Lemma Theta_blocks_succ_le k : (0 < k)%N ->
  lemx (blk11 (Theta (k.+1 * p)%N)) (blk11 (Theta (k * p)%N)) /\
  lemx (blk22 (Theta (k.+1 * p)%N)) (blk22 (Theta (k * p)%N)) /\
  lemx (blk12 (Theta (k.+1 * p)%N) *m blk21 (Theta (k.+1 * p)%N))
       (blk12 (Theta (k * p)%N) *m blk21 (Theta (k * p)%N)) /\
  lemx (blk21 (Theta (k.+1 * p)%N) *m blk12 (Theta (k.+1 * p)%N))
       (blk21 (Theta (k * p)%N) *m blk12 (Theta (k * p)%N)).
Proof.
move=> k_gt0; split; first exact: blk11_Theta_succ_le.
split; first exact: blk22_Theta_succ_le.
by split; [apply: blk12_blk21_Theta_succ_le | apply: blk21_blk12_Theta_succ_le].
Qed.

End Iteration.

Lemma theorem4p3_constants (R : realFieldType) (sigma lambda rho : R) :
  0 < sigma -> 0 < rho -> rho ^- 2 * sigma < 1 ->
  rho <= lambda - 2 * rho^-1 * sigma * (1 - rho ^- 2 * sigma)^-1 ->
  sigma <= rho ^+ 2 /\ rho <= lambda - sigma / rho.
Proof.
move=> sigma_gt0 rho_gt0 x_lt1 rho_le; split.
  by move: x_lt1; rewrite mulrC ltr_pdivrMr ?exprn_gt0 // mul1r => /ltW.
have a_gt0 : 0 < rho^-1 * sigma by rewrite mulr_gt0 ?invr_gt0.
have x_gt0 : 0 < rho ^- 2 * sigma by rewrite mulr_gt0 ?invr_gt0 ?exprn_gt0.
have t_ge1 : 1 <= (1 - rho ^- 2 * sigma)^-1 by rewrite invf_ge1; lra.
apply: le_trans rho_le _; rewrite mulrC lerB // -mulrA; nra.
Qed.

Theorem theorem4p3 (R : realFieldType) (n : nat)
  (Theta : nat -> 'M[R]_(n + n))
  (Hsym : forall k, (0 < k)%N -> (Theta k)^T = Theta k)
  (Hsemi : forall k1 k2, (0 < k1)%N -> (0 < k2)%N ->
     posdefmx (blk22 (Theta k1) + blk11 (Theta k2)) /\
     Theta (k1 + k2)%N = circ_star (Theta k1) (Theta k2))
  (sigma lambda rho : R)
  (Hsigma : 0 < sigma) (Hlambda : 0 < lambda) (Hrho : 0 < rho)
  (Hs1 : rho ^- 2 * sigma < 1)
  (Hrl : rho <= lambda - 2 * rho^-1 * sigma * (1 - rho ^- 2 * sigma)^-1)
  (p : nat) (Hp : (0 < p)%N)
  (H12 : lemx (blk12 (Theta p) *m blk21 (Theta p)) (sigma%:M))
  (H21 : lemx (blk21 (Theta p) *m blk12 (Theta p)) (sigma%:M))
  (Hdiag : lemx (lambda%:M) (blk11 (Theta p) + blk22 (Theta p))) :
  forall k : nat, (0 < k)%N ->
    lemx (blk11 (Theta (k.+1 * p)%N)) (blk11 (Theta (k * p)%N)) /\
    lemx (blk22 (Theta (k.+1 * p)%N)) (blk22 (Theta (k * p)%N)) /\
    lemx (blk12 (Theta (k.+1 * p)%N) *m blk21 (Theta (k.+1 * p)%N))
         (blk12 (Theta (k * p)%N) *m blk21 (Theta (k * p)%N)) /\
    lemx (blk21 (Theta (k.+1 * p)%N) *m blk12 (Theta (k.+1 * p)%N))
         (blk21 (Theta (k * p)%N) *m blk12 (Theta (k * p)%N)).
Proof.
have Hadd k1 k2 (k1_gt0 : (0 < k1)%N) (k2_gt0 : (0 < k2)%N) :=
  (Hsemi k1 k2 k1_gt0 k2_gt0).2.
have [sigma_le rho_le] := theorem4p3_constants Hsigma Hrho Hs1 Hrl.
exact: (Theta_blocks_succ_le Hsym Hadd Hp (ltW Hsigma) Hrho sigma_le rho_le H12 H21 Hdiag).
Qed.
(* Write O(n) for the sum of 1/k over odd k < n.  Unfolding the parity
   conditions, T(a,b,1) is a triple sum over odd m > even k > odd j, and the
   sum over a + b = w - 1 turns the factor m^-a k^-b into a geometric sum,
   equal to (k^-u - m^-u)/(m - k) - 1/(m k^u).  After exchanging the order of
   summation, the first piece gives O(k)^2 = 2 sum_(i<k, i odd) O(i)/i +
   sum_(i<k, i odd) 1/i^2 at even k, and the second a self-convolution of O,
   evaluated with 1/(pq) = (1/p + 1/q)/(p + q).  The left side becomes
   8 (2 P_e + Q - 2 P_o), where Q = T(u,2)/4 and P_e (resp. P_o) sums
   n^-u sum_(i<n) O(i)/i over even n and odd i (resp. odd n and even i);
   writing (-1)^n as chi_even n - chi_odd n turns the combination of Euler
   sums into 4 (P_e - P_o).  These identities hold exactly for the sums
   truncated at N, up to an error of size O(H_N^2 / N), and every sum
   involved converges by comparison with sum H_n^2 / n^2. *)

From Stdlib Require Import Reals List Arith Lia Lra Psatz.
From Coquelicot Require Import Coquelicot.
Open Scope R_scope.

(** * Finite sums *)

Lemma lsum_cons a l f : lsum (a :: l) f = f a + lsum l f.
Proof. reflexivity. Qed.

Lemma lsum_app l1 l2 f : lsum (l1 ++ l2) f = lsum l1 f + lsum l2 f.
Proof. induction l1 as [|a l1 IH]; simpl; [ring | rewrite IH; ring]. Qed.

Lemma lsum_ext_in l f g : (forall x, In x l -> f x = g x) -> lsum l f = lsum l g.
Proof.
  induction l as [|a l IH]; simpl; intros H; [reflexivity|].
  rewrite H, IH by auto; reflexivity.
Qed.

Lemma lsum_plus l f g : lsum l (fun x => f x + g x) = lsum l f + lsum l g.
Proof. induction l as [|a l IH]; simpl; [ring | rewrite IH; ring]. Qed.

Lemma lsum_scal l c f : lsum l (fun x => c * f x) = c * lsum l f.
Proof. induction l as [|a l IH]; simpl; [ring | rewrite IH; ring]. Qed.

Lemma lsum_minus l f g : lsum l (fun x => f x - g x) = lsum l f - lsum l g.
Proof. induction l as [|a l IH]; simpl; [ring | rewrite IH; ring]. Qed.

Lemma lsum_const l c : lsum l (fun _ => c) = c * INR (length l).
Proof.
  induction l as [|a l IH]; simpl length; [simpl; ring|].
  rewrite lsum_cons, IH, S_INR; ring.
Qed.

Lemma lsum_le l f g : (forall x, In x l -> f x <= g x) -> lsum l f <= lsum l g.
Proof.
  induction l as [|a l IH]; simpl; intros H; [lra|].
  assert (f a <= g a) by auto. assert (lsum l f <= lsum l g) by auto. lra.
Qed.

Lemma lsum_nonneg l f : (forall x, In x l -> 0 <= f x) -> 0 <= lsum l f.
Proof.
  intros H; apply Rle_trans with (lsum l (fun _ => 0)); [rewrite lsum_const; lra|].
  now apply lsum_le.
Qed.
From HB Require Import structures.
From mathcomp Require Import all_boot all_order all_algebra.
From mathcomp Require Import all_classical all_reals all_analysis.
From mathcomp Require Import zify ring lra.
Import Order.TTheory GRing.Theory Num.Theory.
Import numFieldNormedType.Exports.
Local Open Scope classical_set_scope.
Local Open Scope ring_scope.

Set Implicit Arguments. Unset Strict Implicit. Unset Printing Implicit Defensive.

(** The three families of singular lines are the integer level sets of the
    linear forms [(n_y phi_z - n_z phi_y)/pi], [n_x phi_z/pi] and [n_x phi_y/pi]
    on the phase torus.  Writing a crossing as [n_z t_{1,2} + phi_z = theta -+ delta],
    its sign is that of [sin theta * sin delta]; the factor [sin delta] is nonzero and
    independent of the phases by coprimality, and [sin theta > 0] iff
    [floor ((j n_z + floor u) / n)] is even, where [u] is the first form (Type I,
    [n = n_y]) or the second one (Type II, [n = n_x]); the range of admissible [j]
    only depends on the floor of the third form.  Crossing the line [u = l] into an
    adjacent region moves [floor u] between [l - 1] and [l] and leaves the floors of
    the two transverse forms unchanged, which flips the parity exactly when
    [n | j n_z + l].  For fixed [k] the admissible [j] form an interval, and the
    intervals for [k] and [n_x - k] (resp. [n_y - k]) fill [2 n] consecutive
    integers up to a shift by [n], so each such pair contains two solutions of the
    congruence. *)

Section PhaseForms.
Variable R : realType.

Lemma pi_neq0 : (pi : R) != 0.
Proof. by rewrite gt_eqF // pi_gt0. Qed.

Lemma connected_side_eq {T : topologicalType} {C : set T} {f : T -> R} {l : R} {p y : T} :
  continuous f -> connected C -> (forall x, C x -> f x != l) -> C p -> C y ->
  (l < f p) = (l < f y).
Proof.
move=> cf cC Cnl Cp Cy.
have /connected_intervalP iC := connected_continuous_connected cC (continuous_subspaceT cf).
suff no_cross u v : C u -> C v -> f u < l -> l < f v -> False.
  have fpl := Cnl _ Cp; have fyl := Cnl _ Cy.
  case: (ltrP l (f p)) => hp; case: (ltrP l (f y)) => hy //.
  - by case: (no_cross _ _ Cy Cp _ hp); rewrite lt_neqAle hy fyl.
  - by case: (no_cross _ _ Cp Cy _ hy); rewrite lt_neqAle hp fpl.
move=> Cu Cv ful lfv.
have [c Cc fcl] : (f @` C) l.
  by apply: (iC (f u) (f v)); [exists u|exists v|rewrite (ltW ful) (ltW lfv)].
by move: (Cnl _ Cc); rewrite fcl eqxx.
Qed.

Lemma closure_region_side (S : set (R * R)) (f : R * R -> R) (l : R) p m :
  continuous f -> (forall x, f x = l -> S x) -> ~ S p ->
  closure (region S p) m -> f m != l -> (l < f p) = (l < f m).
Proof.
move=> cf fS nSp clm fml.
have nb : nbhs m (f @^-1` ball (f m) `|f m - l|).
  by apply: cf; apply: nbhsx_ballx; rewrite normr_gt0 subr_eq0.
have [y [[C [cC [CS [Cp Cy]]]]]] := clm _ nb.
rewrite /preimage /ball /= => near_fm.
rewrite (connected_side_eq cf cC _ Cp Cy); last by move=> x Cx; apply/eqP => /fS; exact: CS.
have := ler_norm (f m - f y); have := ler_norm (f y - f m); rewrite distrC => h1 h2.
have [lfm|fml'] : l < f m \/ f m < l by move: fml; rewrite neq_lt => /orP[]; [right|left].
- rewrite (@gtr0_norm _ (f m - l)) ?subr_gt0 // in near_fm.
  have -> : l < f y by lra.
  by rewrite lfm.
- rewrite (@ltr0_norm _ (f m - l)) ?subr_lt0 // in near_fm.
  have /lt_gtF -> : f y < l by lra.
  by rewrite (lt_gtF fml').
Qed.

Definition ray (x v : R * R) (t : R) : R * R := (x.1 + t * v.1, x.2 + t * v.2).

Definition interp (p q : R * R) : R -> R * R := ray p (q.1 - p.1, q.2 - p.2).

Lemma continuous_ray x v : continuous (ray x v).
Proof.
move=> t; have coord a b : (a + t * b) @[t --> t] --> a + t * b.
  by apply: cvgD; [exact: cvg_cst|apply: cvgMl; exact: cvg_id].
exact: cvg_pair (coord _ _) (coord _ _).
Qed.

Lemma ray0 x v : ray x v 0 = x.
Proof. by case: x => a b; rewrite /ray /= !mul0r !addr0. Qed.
____
In the listing above, the lines from the one containing "integers up to" through the one containing "have [lfm|fml'] : l" must be set down exactly, with no other lines.

** Exercise answer **
    integers up to a shift by [n], so each such pair contains two solutions of the
    congruence. *)

Section PhaseForms.
Variable R : realType.

Lemma pi_neq0 : (pi : R) != 0.
Proof. by rewrite gt_eqF // pi_gt0. Qed.

Lemma connected_side_eq {T : topologicalType} {C : set T} {f : T -> R} {l : R} {p y : T} :
  continuous f -> connected C -> (forall x, C x -> f x != l) -> C p -> C y ->
  (l < f p) = (l < f y).
Proof.
move=> cf cC Cnl Cp Cy.
have /connected_intervalP iC := connected_continuous_connected cC (continuous_subspaceT cf).
suff no_cross u v : C u -> C v -> f u < l -> l < f v -> False.
  have fpl := Cnl _ Cp; have fyl := Cnl _ Cy.
  case: (ltrP l (f p)) => hp; case: (ltrP l (f y)) => hy //.
  - by case: (no_cross _ _ Cy Cp _ hp); rewrite lt_neqAle hy fyl.
  - by case: (no_cross _ _ Cp Cy _ hy); rewrite lt_neqAle hp fpl.
move=> Cu Cv ful lfv.
have [c Cc fcl] : (f @` C) l.
  by apply: (iC (f u) (f v)); [exists u|exists v|rewrite (ltW ful) (ltW lfv)].
by move: (Cnl _ Cc); rewrite fcl eqxx.
Qed.

Lemma closure_region_side (S : set (R * R)) (f : R * R -> R) (l : R) p m :
  continuous f -> (forall x, f x = l -> S x) -> ~ S p ->
  closure (region S p) m -> f m != l -> (l < f p) = (l < f m).
Proof.
move=> cf fS nSp clm fml.
have nb : nbhs m (f @^-1` ball (f m) `|f m - l|).
  by apply: cf; apply: nbhsx_ballx; rewrite normr_gt0 subr_eq0.
have [y [[C [cC [CS [Cp Cy]]]]]] := clm _ nb.
rewrite /preimage /ball /= => near_fm.
rewrite (connected_side_eq cf cC _ Cp Cy); last by move=> x Cx; apply/eqP => /fS; exact: CS.
have := ler_norm (f m - f y); have := ler_norm (f y - f m); rewrite distrC => h1 h2.
have [lfm|fml'] : l < f m \/ f m < l by move: fml; rewrite neq_lt => /orP[]; [right|left].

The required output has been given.